Now what we need to know is in what scenario the node /hbase itself will get
deleted and also what made the new HTable() to create a new connection. (May
be the connection got deleted.)
One more thing we need to add is in HConnectionManager.setupZookeeperTrackers()
{code} masterAddressTracker.start(){code}
if he is not able to establish watch he should throw error.

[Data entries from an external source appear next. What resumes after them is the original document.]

Lemma in_word_span_br_word s b : in_word_span b -> in_word_span (br (lie_word s) b).
Proof.
elim: s b => [|y [|z t] IH] b spb.
- by rewrite /lie_word /= (lie0l hbr); apply: in_word_span0.
- exact: in_word_span_ad.
rewrite lie_word_cons // (lie_jacobi hbr).
by apply/in_word_spanD/in_word_spanN; [apply/in_word_span_ad/IH | apply/IH/in_word_span_ad].
Qed.

Lemma in_word_span_br a b : in_word_span a -> in_word_span b -> in_word_span (br a b).
Proof.
move=> [r ->] spb; rewrite /lie_comb (morphD_sum (lieDl hbr _)).
apply: in_word_span_sum => p; rewrite (morphD_Mz (lieDl hbr _)).
exact/in_word_spanMz/in_word_span_br_word.
Qed.

Lemma reduced_free_lie_word_span a : in_word_span a.
Proof.
elim: (reduced_free_lie_generated a) => [y||a' b' _ spa _ spb|a' _ spa|a' b' _ spa _ spb].
- exact: (in_word_span_word [:: y]).
- exact: in_word_span0.
- exact: in_word_spanD.
- exact: in_word_spanN.
- exact: in_word_span_br.
Qed.

Definition counts_letter (x : Y) (D : L -> L) : Prop :=
  {morph D : a b / a + b} /\ forall s, D (lie_word s) = lie_word s *+ count_eq x s.

Lemma lie_word_count x s : lie_word s *+ count_eq x s = lie_word s *+ (0 < count_eq x s)%N.
Proof.
case: count_eq (@count_eq_repeat _ x s) => [|[|c]] // rep.
by rewrite /lie_word hrel ?mul0rn //; apply: rep.
Qed.

Lemma counts_letter_comb x D r : counts_letter x D ->
  D (lie_comb r) = \sum_(p <- r | (0 < count_eq x p.2)%N) lie_word p.2 *~ p.1.
Proof.
case=> DD Dword; rewrite /lie_comb (morphD_sum DD) [RHS]big_mkcond.
apply: eq_bigr => -[k t] _; rewrite /= (morphD_Mz DD) Dword lie_word_count mulrb.
by case: ifP; rewrite ?mul0rz.
Qed.

Lemma eq0_of_counts_letter a :
  (forall x, exists2 D, counts_letter x D & D a = 0) -> a = 0.
Proof.
have [r ->] := reduced_free_lie_word_span a.
have [n] := ubnP (size r); elim: n r => // n IH [|[k [|x t]] r] /= size_r killed.
- by rewrite /lie_comb big_nil.
- have e : lie_comb ((k, [::]) :: r) = lie_comb r.
    by rewrite /lie_comb big_cons /= mul0rz add0r.
  by rewrite e; apply: IH => // y; rewrite -e; apply: killed.
set r0 := (k, x :: t) :: r; pose P (p : int * seq Y) := (0 < count_eq x p.2)%N.
have [D cD D0] := killed x.
have e : lie_comb r0 = lie_comb [seq p <- r0 | ~~ P p].
  by rewrite /lie_comb big_filter [LHS](bigID P) /= -(counts_letter_comb _ cD) D0 add0r.
rewrite e; apply: IH => [|y]; last by rewrite -e; apply: killed.
have Pr0 : P (k, x :: t) by rewrite /P /count_eq /= asboolT.
by rewrite /= Pr0 size_filter (leq_ltn_trans (count_size _ _)).
Qed.

Lemma rnest_dual_letter x s :
  rnest (dual_bracket br) [seq (iL y, iL y *+ `[< y = x >]) | y <- s]
  = (lie_word s, lie_word s *+ count_eq x s).
Proof.
elim: s => [|y [|z t] IH] //; first by rewrite /= /count_eq /= addn0.
rewrite map_cons rnest_cons // IH /dual_bracket /=; congr pair.
rewrite (morphD_Mn (lieDr hbr _)) (morphD_Mn (lieDl hbr _)) -mulrnDr addnC.
by rewrite /count_eq /=.
Qed.

Lemma counts_letter_exists x : exists2 D, counts_letter x D &
  forall a b, D (br a b) = br a (D b) + br (D a) b.
Proof.
pose g y := (iL y, iL y *+ `[< y = x >]).
have relg : lie_relations (dual_bracket br) g.
  by move=> s rep; rewrite rnest_dual_letter /lie_word hrel // mul0rn.
case: hL => _ _ /(_ _ _ _ (dual_bracket_is_lie hbr) relg) [F [hF Fg _]].
have F1 a : (F a).1 = a.
  have hF1 : is_lie_morph br br (fun b => (F b).1).
    by split=> u v; rewrite ?hF.1 ?hF.2.
  symmetry; apply: (reduced_free_lie_morph_eq (f := id) (g := fun b => (F b).1) hbr)
    => // y.
  by rewrite Fg.
exists (fun a => (F a).2).
  split=> [u v|s]; first by rewrite hF.1.
  by rewrite /lie_word (lie_morph_rnest hF) -map_comp (eq_map Fg) rnest_dual_letter.
by move=> u v; rewrite hF.2 /dual_bracket /= !F1.
Qed.

Definition ad_word (s : seq Y) (l : L) : L := foldr (fun y => br (iL y)) l s.

Lemma ad_wordD s : {morph ad_word s : u v / u + v}.
Proof. by move=> u v; rewrite /ad_word; elim: s => //= y s ->; rewrite (lieDr hbr). Qed.

Lemma ad_word_lie_word s t : ~~ nilp t -> ad_word s (lie_word t) = lie_word (s ++ t).
Proof.
move=> t_ne0; elim: s => //= y s ->.
by rewrite lie_word_cons // cat_nilp negb_and t_ne0 orbT.
Qed.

Correct me if am
wrong.
> If zookeeper.znode.parent is not specifed explicitly in Client code then
> HTable object loops continuously waiting for the root region by using /hbase
> as the base node.
> -----------------------------------------------------------------------------------------------------------------------------------------------------------------------
>
> Key: HBASE-4138
> URL: https://issues.apache.org/jira/browse/HBASE-4138
> Project: HBase
> Issue Type: Bug
> Components: client
> Affects Versions: 0.90.3
> Reporter: ramkrishna.s.vasudevan
> Assignee: ramkrishna.s.vasudevan
> Fix For: 0.92.0
>
> Attachments: HBASE-4138_trunk_1.patch, HBASE-4138_trunk_2.patch,
> HBASE-4138_trunk_3.patch
>
>
> Change the zookeeper.znode.parent property (default is /hbase).
> Now do not specify this change in the client code.
> Use the HTable Object.
> The HTable is not able to find the root region and keeps continuously looping.
> Find the stack trace:
> ====================
> Object.wait(long) line: not available [native method]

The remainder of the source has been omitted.